(EXCERPTED DATA)

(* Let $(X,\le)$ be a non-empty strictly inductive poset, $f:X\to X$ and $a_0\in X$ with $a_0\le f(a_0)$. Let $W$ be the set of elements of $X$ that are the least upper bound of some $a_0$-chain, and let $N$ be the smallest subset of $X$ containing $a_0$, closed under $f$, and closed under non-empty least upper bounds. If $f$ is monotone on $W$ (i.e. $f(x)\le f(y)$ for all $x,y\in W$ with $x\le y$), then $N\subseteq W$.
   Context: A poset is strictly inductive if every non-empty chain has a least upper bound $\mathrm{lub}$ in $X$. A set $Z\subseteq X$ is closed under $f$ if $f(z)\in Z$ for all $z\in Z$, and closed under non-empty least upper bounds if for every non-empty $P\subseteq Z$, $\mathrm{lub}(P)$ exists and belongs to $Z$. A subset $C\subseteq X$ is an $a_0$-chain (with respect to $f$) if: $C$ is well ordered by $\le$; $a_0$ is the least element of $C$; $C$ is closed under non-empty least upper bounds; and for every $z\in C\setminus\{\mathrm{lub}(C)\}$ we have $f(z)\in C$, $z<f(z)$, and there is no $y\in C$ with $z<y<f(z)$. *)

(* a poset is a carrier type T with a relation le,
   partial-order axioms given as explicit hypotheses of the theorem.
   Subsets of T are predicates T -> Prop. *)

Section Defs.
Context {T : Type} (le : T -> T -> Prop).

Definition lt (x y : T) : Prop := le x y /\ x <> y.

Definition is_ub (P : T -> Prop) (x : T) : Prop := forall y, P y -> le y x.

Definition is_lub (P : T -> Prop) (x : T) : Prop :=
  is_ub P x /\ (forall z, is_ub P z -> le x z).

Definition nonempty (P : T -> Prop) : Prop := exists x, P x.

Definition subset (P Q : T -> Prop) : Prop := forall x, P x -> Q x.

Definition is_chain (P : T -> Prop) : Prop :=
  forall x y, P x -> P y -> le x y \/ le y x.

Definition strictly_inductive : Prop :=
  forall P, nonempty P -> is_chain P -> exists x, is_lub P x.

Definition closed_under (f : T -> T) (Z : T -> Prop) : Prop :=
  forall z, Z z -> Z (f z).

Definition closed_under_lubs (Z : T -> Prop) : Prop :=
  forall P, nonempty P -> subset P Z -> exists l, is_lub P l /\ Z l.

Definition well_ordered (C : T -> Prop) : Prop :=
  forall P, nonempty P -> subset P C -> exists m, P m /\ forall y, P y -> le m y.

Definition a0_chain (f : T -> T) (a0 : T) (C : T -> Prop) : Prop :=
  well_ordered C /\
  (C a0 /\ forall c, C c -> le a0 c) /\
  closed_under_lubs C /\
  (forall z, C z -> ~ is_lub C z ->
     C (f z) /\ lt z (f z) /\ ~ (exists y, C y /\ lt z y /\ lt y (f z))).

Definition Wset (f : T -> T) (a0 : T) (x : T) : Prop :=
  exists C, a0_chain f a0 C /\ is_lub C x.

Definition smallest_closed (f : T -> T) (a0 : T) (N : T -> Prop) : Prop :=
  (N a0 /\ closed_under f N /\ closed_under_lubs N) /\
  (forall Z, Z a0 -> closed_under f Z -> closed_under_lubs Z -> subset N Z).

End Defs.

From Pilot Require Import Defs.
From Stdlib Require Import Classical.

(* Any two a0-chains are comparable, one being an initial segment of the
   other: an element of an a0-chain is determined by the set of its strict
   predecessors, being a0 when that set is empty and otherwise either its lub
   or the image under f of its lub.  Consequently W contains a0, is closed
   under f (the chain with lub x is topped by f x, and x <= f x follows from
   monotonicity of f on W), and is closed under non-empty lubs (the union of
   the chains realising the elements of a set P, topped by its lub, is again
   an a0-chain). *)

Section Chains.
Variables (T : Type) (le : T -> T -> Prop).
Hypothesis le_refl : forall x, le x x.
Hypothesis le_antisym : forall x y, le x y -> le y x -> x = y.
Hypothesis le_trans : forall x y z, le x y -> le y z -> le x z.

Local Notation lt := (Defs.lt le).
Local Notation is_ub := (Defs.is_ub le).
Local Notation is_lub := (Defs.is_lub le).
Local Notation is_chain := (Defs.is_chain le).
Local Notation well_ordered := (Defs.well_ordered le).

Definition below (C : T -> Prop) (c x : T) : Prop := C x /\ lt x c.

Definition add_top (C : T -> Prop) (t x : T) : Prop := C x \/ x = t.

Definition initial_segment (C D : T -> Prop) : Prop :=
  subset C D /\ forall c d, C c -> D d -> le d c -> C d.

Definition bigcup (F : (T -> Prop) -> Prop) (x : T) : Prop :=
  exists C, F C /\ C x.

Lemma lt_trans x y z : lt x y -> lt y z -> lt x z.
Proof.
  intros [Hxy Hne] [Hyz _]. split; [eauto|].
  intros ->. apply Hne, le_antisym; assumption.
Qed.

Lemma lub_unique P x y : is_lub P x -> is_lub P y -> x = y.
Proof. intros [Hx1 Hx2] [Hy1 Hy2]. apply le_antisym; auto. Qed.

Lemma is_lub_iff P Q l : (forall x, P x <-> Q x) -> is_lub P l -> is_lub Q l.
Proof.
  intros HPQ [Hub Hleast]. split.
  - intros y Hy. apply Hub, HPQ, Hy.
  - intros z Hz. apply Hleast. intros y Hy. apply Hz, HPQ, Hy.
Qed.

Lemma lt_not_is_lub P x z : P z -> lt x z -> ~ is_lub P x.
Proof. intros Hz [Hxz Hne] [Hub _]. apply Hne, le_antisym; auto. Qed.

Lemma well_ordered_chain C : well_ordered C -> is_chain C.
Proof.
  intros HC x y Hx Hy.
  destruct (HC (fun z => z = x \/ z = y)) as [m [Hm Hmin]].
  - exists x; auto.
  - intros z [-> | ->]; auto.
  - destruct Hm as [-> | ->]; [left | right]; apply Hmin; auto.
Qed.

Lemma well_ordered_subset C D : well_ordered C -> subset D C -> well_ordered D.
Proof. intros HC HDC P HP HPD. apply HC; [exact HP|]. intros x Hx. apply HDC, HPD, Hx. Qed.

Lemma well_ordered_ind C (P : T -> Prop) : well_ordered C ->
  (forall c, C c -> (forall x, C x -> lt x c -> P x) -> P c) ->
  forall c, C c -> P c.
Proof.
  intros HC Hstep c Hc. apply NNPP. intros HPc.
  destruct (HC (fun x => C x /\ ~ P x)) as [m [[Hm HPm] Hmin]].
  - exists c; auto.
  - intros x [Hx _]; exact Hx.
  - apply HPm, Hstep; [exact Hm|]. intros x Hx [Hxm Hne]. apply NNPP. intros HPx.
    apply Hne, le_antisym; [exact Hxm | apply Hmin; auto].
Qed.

(End EXCERPTED DATA)

# [EXERCISE BRIEF]
The entries above must be written out again exactly as they are.

# [RESULT]
(* Let $(X,\le)$ be a non-empty strictly inductive poset, $f:X\to X$ and $a_0\in X$ with $a_0\le f(a_0)$. Let $W$ be the set of elements of $X$ that are the least upper bound of some $a_0$-chain, and let $N$ be the smallest subset of $X$ containing $a_0$, closed under $f$, and closed under non-empty least upper bounds. If $f$ is monotone on $W$ (i.e. $f(x)\le f(y)$ for all $x,y\in W$ with $x\le y$), then $N\subseteq W$.
   Context: A poset is strictly inductive if every non-empty chain has a least upper bound $\mathrm{lub}$ in $X$. A set $Z\subseteq X$ is closed under $f$ if $f(z)\in Z$ for all $z\in Z$, and closed under non-empty least upper bounds if for every non-empty $P\subseteq Z$, $\mathrm{lub}(P)$ exists and belongs to $Z$. A subset $C\subseteq X$ is an $a_0$-chain (with respect to $f$) if: $C$ is well ordered by $\le$; $a_0$ is the least element of $C$; $C$ is closed under non-empty least upper bounds; and for every $z\in C\setminus\{\mathrm{lub}(C)\}$ we have $f(z)\in C$, $z<f(z)$, and there is no $y\in C$ with $z<y<f(z)$. *)

(* a poset is a carrier type T with a relation le,
   partial-order axioms given as explicit hypotheses of the theorem.
   Subsets of T are predicates T -> Prop. *)

Section Defs.
Context {T : Type} (le : T -> T -> Prop).

Definition lt (x y : T) : Prop := le x y /\ x <> y.

Definition is_ub (P : T -> Prop) (x : T) : Prop := forall y, P y -> le y x.

Definition is_lub (P : T -> Prop) (x : T) : Prop :=
  is_ub P x /\ (forall z, is_ub P z -> le x z).

Definition nonempty (P : T -> Prop) : Prop := exists x, P x.

Definition subset (P Q : T -> Prop) : Prop := forall x, P x -> Q x.

Definition is_chain (P : T -> Prop) : Prop :=
  forall x y, P x -> P y -> le x y \/ le y x.

Definition strictly_inductive : Prop :=
  forall P, nonempty P -> is_chain P -> exists x, is_lub P x.

Definition closed_under (f : T -> T) (Z : T -> Prop) : Prop :=
  forall z, Z z -> Z (f z).

Definition closed_under_lubs (Z : T -> Prop) : Prop :=
  forall P, nonempty P -> subset P Z -> exists l, is_lub P l /\ Z l.

Definition well_ordered (C : T -> Prop) : Prop :=
  forall P, nonempty P -> subset P C -> exists m, P m /\ forall y, P y -> le m y.

Definition a0_chain (f : T -> T) (a0 : T) (C : T -> Prop) : Prop :=
  well_ordered C /\
  (C a0 /\ forall c, C c -> le a0 c) /\
  closed_under_lubs C /\
  (forall z, C z -> ~ is_lub C z ->
     C (f z) /\ lt z (f z) /\ ~ (exists y, C y /\ lt z y /\ lt y (f z))).

Definition Wset (f : T -> T) (a0 : T) (x : T) : Prop :=
  exists C, a0_chain f a0 C /\ is_lub C x.

Definition smallest_closed (f : T -> T) (a0 : T) (N : T -> Prop) : Prop :=
  (N a0 /\ closed_under f N /\ closed_under_lubs N) /\
  (forall Z, Z a0 -> closed_under f Z -> closed_under_lubs Z -> subset N Z).

End Defs.

From Pilot Require Import Defs.
From Stdlib Require Import Classical.

(* Any two a0-chains are comparable, one being an initial segment of the
   other: an element of an a0-chain is determined by the set of its strict
   predecessors, being a0 when that set is empty and otherwise either its lub
   or the image under f of its lub.  Consequently W contains a0, is closed
   under f (the chain with lub x is topped by f x, and x <= f x follows from
   monotonicity of f on W), and is closed under non-empty lubs (the union of
   the chains realising the elements of a set P, topped by its lub, is again
   an a0-chain). *)

Section Chains.
Variables (T : Type) (le : T -> T -> Prop).
Hypothesis le_refl : forall x, le x x.
Hypothesis le_antisym : forall x y, le x y -> le y x -> x = y.
Hypothesis le_trans : forall x y z, le x y -> le y z -> le x z.

Local Notation lt := (Defs.lt le).
Local Notation is_ub := (Defs.is_ub le).
Local Notation is_lub := (Defs.is_lub le).
Local Notation is_chain := (Defs.is_chain le).
Local Notation well_ordered := (Defs.well_ordered le).

Definition below (C : T -> Prop) (c x : T) : Prop := C x /\ lt x c.

Definition add_top (C : T -> Prop) (t x : T) : Prop := C x \/ x = t.

Definition initial_segment (C D : T -> Prop) : Prop :=
  subset C D /\ forall c d, C c -> D d -> le d c -> C d.

Definition bigcup (F : (T -> Prop) -> Prop) (x : T) : Prop :=
  exists C, F C /\ C x.

Lemma lt_trans x y z : lt x y -> lt y z -> lt x z.
Proof.
  intros [Hxy Hne] [Hyz _]. split; [eauto|].
  intros ->. apply Hne, le_antisym; assumption.
Qed.

Lemma lub_unique P x y : is_lub P x -> is_lub P y -> x = y.
Proof. intros [Hx1 Hx2] [Hy1 Hy2]. apply le_antisym; auto. Qed.

Lemma is_lub_iff P Q l : (forall x, P x <-> Q x) -> is_lub P l -> is_lub Q l.
Proof.
  intros HPQ [Hub Hleast]. split.
  - intros y Hy. apply Hub, HPQ, Hy.
  - intros z Hz. apply Hleast. intros y Hy. apply Hz, HPQ, Hy.
Qed.

Lemma lt_not_is_lub P x z : P z -> lt x z -> ~ is_lub P x.
Proof. intros Hz [Hxz Hne] [Hub _]. apply Hne, le_antisym; auto. Qed.

Lemma well_ordered_chain C : well_ordered C -> is_chain C.
Proof.
  intros HC x y Hx Hy.
  destruct (HC (fun z => z = x \/ z = y)) as [m [Hm Hmin]].
  - exists x; auto.
  - intros z [-> | ->]; auto.
  - destruct Hm as [-> | ->]; [left | right]; apply Hmin; auto.
Qed.

Lemma well_ordered_subset C D : well_ordered C -> subset D C -> well_ordered D.
Proof. intros HC HDC P HP HPD. apply HC; [exact HP|]. intros x Hx. apply HDC, HPD, Hx. Qed.

Lemma well_ordered_ind C (P : T -> Prop) : well_ordered C ->
  (forall c, C c -> (forall x, C x -> lt x c -> P x) -> P c) ->
  forall c, C c -> P c.
Proof.
  intros HC Hstep c Hc. apply NNPP. intros HPc.
  destruct (HC (fun x => C x /\ ~ P x)) as [m [[Hm HPm] Hmin]].
  - exists c; auto.
  - intros x [Hx _]; exact Hx.
  - apply HPm, Hstep; [exact Hm|]. intros x Hx [Hxm Hne]. apply NNPP. intros HPx.
    apply Hne, le_antisym; [exact Hxm | apply Hmin; auto].
Qed.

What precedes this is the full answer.